La notizia dell’accordo per la riqualificazione e il rilancio dell’Albergo dei Poveri a Napoli – il più grande edificio d’Europa con una facciata lunga 400 metri, cento in più della Reggia di Caserta per intenderci – è da accogliere con grande interesse non tanto per la novità dell’annuncio (sarà il centesimo sbandierato dalla politica), ma per la qualità di chi lo ha fatto: il ministro della Cultura Gennaro Sangiuliano e il Sindaco Gaetano Manfredi.
Nonostante appartengano a schieramenti diversi – di centrodestra il primo, di centrosinistra il secondo – si tratta di persone serie che sanno ben distinguere la propaganda dalla gestione e che se si sono accordate per investire finalmente i 100 milioni già stanziati e mai utilizzati sapranno anche dare seguito alle promesse. Almeno questo è il giudizio che si ricava dalle reazioni in città, tese a dar credito all’iniziativa abbandonando lo scetticismo classico.
Dunque, l’opera immensa di Ferdinando Fuga – chiamato a realizzare il progetto da Carlo III di Borbone nel 1749 – tornerà a vivere restituendo una funzione a ciascuna delle quasi cinquecento stanze che la compongono. Con senso pratico, piuttosto che prevedere una sola e forse impossibile missione, gli oltre 100mila metri quadrati dell’immobile saranno destinati a istituzioni diverse: università, biblioteche, musei.
L’unione di queste energie sarà la forza trainante dell’idea che per svilupparsi avrà anche bisogno di capitali privati e quindi di destinazioni capaci non solo di occupare spazio, ma di produrre reddito.

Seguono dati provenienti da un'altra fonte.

Lemma sqdist_eq0 p q : sqdist p q = 0 -> p = q.
Proof.
move/eqP; rewrite paddr_eq0 ?sqr_ge0 // !sqrf_eq0 !subr_eq0 => /andP[/eqP e1 /eqP e2].
by move: p q e1 e2 => [? ?] [? ?] /= -> ->.
Qed.

Lemma sqr_eucl p q : eucl p q ^+ 2 = sqdist p q.
Proof. by rewrite sqr_sqrtr // sqdist_ge0. Qed.

Lemma eucl_ge0 p q : 0 <= eucl p q.
Proof. exact: sqrtr_ge0. Qed.

Lemma eucl_gt0 p q : p <> q -> 0 < eucl p q.
Proof.
by move=> pq; rewrite sqrtr_gt0 lt_def sqdist_ge0 andbT; apply/eqP => /sqdist_eq0.
Qed.

Lemma eucl_lt_sqrt p q (de : R) : 0 < de -> (eucl p q < Num.sqrt de) = (sqdist p q < de).
Proof. by move=> de0; rewrite ltr_sqrt. Qed.

Lemma sqr_eucl_reflect p q :
  eucl p (q.1, - q.2) ^+ 2 = eucl p q ^+ 2 + 4 * p.2 * q.2.
Proof. by rewrite !sqr_eucl /sqdist /=; ring. Qed.

Lemma eucl_lt_reflect p q : 0 < p.2 -> 0 < q.2 -> eucl p q < eucl p (q.1, - q.2).
Proof.
move=> p0 q0; rewrite -(ltr_pXn2r (n := 2)) ?nnegrE ?eucl_ge0 //.
by rewrite sqr_eucl_reflect ltrDl !mulr_gt0.
Qed.

Lemma hdist_eq_sqdist x y p : 0 < x.2 -> 0 < y.2 -> 0 < p.2 ->
  dist Hyperbolic y p = dist Hyperbolic x p -> sqdist y p * x.2 = sqdist x p * y.2.
Proof.
move=> x0 y0 p0 /=; rewrite -!sqr_eucl.
have [hb hb'] := (sqr_eucl_reflect y p, sqr_eucl_reflect x p).
have [ab a'b'] := (eucl_lt_reflect y0 p0, eucl_lt_reflect x0 p0).
have [a0 a'0] := (eucl_ge0 y p, eucl_ge0 x p).
move: hb hb' ab a'b' a0 a'0.
set a := eucl y p; set b := eucl y _; set a' := eucl x p; set b' := eucl x _.
move=> hb hb' ab a'b' a0 a'0.
have pos : 0 < (b + a) / (b - a) /\ 0 < (b' + a') / (b' - a').
  by split; apply: divr_gt0; lra.
move=> /ln_inj; rewrite !posrE => /(_ pos.1 pos.2) /eqP.
have [ba b'a'] : b - a != 0 /\ b' - a' != 0 by split; rewrite subr_eq0 gt_eqF.
rewrite eqr_div // => /eqP cross.
have ab_ratio : a * b' = a' * b by lra.
have : a ^+ 2 * b' ^+ 2 = a' ^+ 2 * b ^+ 2 by rewrite -!exprMn ab_ratio.
rewrite hb hb' => sq.
apply: (mulIf (_ : 4 * p.2 != 0)); first by rewrite mulf_neq0 ?gt_eqF.
nra.
Qed.

Lemma ln_le_hdist p q : 0 < p.2 -> 0 < q.2 ->
  ln (1 + eucl p q / q.2) <= dist Hyperbolic p q.
Proof.
move=> p0 q0 /=.
have := eucl_lt_reflect p0 q0; have := sqr_eucl_reflect p q; have := eucl_ge0 p q.
have := sqr_eucl p q.
set a := eucl p q; set b := eucl p _ => a_sq a0 hb ab.
have a_ge : p.2 - q.2 <= a.
  have : (p.2 - q.2) ^+ 2 <= a ^+ 2 by rewrite a_sq lerDr sqr_ge0.
  nra.
have b_le : b - a <= 2 * q.2 by nra.
set t := a / q.2.
have t0 : 0 <= t by rewrite divr_ge0 // ltW.
have ta : t * q.2 = a by rewrite divfK ?gt_eqF.
have pos : 0 < (b + a) / (b - a) by apply: divr_gt0; lra.
rewrite ler_ln ?posrE ?ltr_wpDr // ?ler_pdivlMr ?subr_gt0 //.
nra.
Qed.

Qui si dovrà lavorare molto alla ricerca di un equilibrio soddisfacente tra le ragioni della Cultura e quelle dell’Impresa. Da una parte la ricerca della più ampia partecipazione possibile, dall’altra l’esigenza del profitto per garantire la sostenibilità economica.
Qui si potrà valutare il grado di maturazione degli imprenditori napoletani, in prima battuta gli industriali, che saranno chiamati a contribuire al compimento della grande incompiuta. Come accade per il Duomo di Milano, ci vorrebbe un consesso di uomini e donne di buona volontà e portafoglio largo per garantire che gli sforzi non vadano perduti e che, anzi, tutto sia condotto e portato a termine a regola d’arte. Nei minimi dettagli.

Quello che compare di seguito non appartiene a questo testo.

(* Let $1\le r\le K\le d$, let $p\ge1$ and positive integers $h_1,\ldots,h_p$ with $\sum_i h_i=r$ be given. For $\bm{q}\in\{\pm1\}^r$ define $$\mathcal{Q}_{\bm{q}}=\left\{\begin{bmatrix}\bm{U}\operatorname{diag}(\bm{q})\bm{U}^T&\bm{0}\\\bm{0}&\bm{V}\end{bmatrix}:\bm{U}=\operatorname{blkdiag}(\bm{U}_1,\ldots,\bm{U}_p),\ \bm{U}_i\in\mathcal{O}^{h_i}\ (i=1,\ldots,p),\ \bm{V}\in{\rm St}(d-r,K-r)\right\}\subseteq\mathbb{R}^{d\times K}.$$ Then for any $\bm{q},\bm{q}'\in\{\pm1\}^r$, either $\mathcal{Q}_{\bm{q}}=\mathcal{Q}_{\bm{q}'}$ or $\mathcal{Q}_{\bm{q}}\cap\mathcal{Q}_{\bm{q}'}=\emptyset$; moreover, in the latter case $\operatorname{dist}(\mathcal{Q}_{\bm{q}},\mathcal{Q}_{\bm{q}'})\ge2$.
   Context: (In the paper, $h_i$ are the multiplicities of the distinct positive singular values of a matrix $\bm{A}=\begin{bmatrix}\widetilde{\bm{A}}&\bm{0}\\\bm{0}&\bm{0}\end{bmatrix}$ with $\widetilde{\bm{A}}=\operatorname{diag}(a_1,\ldots,a_r)$, $a_1\ge\cdots\ge a_r>0$, and $\bigcup_{\bm{q}}\mathcal{Q}_{\bm{q}}$ is the set of limiting critical points of $\bm{Q}\mapsto\langle\bm{A},\bm{Q}\rangle+\delta_{{\rm St}(d,K)}(\bm{Q})$; the statement only depends on $h_1,\ldots,h_p$.) $\mathcal{O}^h$ is the set of $h\times h$ orthogonal matrices; ${\rm St}(m,k)=\{\bm{V}\in\mathbb{R}^{m\times k}:\bm{V}^T\bm{V}=\bm{I}_k\}$; $\operatorname{blkdiag}$ is the block diagonal matrix; $\operatorname{dist}(\mathcal{S},\mathcal{T})=\inf_{\bm{x}\in\mathcal{S},\bm{y}\in\mathcal{T}}\|\bm{x}-\bm{y}\|_F$. The vector $\bm{q}$ is split as $(\bm{q}_1,\ldots,\bm{q}_p)$ with $\bm{q}_i\in\{\pm1\}^{h_i}$ compatibly with the blocks. *)

From HB Require Import structures.
From mathcomp Require Import all_boot all_order all_algebra.
From mathcomp Require Import all_classical all_reals.
Set Implicit Arguments. Unset Strict Implicit. Unset Printing Implicit Defensive.
Import Order.TTheory GRing.Theory Num.Theory.
Local Open Scope classical_set_scope.
Local Open Scope ring_scope.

Potrà essere questa una prova della ritrovata vocazione dell’antica capitale a saper fondere fantasia e concretezza per potersi legittimamente considerare e chiamare creativa generando ricadute positive sull’intera popolazione. È il mito del buon governo che si rinnova con tutta la suggestione emotiva che si porta dietro: nulla saprà condizionare i comportamenti più del buon esempio. Il successo produce altro successo.
Anche e forse soprattutto per questo il patto siglato in questi giorni a favore di telecamere e macchine fotografiche assume una particolare importanza. I tempi di esecuzione non potranno dilatarsi a dismisura per incapacità o capriccio del caso. E non tanto perché pressati dalle scadenze del Pnrr (comunque indifferibili), quanto piuttosto per mostrare che davvero si è capito che occorre cambiare passo quando in gioco c’è il benessere della collettività.
Il fermento culturale che da sempre caratterizza la città – in musica, letteratura, arte cinematografica, teatro, pittura e scultura – non ha mai trovato una cornice che ne potesse esaltare la qualità e la quantità. Proprio in queste settimane dell’argomento si sta occupando il blog Nagorà che s’interroga sulle strutture e gli strumenti di cui possono disporre oggi a Napoli gli artisti di ogni genere per veder meglio organizzata e valorizzata la propria offerta.